§ What to produce
Please quote exactly the lines below from the line containing "by rewrite -rhoPE." to the line containing "End risk_measures.", both lines included, and nothing else.

——

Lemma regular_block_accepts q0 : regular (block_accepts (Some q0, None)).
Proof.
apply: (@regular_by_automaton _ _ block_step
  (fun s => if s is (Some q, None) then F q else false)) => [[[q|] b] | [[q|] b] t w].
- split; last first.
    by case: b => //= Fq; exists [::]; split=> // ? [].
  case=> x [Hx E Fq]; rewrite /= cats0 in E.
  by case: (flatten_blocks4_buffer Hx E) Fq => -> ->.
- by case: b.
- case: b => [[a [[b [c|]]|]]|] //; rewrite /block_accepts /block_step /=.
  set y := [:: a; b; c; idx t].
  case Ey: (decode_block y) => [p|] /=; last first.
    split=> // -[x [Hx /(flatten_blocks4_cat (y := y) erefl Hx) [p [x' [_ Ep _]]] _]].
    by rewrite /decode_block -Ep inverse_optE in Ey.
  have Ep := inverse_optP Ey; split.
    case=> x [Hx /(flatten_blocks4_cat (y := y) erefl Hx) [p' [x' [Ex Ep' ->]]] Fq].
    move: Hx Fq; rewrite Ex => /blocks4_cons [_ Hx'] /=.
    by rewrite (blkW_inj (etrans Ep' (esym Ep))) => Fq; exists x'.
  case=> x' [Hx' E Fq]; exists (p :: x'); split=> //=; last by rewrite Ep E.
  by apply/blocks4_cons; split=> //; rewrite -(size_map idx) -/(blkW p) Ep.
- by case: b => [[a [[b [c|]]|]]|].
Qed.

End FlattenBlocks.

——

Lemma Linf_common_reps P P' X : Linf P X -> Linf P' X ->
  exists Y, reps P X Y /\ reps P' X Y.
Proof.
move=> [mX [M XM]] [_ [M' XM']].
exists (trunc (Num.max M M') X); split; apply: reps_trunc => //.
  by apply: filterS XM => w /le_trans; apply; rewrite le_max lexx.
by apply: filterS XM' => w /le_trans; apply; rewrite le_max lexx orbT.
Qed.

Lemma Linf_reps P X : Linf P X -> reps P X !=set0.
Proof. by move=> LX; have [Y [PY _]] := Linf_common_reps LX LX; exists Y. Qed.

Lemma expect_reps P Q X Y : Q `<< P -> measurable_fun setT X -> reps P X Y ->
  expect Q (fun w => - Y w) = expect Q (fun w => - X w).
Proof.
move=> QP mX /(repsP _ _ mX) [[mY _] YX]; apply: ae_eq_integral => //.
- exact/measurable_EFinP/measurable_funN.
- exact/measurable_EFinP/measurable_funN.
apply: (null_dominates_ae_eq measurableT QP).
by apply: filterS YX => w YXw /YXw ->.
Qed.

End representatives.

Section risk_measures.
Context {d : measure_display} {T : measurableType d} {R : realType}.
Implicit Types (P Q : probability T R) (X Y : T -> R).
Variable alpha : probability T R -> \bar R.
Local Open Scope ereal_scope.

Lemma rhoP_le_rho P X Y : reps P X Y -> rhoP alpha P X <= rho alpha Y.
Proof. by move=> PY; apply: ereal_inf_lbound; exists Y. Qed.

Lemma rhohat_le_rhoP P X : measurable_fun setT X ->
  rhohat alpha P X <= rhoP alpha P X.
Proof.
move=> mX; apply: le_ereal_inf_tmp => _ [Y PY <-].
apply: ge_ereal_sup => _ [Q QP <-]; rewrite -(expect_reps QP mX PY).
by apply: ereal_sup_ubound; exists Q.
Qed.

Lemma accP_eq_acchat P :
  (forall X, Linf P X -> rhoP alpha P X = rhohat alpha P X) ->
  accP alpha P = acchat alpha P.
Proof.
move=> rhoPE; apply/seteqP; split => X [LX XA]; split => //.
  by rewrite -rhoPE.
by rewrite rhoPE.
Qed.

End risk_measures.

——

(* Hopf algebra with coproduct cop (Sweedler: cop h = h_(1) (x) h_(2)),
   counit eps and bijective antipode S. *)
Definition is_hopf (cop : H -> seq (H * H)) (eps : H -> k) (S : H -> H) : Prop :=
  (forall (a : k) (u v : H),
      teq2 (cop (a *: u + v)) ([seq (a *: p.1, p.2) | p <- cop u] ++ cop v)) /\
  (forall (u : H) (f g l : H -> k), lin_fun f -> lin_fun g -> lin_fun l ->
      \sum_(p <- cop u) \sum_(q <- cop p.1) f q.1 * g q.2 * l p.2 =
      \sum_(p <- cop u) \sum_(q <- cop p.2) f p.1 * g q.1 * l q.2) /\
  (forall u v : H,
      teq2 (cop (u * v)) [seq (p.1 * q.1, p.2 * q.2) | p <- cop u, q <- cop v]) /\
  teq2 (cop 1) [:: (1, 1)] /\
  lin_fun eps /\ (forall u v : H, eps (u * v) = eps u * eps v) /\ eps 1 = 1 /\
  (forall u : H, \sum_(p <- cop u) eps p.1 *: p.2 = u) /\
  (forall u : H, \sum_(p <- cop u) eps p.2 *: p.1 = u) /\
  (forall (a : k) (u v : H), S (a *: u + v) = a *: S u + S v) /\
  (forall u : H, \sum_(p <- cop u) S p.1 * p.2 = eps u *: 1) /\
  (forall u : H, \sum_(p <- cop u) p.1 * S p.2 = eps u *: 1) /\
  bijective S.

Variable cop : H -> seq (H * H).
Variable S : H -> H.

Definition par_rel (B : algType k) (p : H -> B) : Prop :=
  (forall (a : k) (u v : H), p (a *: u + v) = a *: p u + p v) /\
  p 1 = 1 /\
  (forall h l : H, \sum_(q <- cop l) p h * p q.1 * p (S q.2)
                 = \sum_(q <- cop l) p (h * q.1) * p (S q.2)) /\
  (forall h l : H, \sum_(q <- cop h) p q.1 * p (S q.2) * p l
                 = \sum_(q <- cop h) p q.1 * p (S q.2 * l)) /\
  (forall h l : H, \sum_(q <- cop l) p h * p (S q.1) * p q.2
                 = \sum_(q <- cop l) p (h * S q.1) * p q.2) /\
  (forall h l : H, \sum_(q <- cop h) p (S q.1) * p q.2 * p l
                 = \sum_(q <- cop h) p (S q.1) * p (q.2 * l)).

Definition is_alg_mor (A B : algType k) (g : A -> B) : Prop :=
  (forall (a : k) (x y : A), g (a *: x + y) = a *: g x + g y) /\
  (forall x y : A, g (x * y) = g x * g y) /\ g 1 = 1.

——

§ Task output
  by rewrite -rhoPE.
by rewrite rhoPE.
Qed.

End risk_measures.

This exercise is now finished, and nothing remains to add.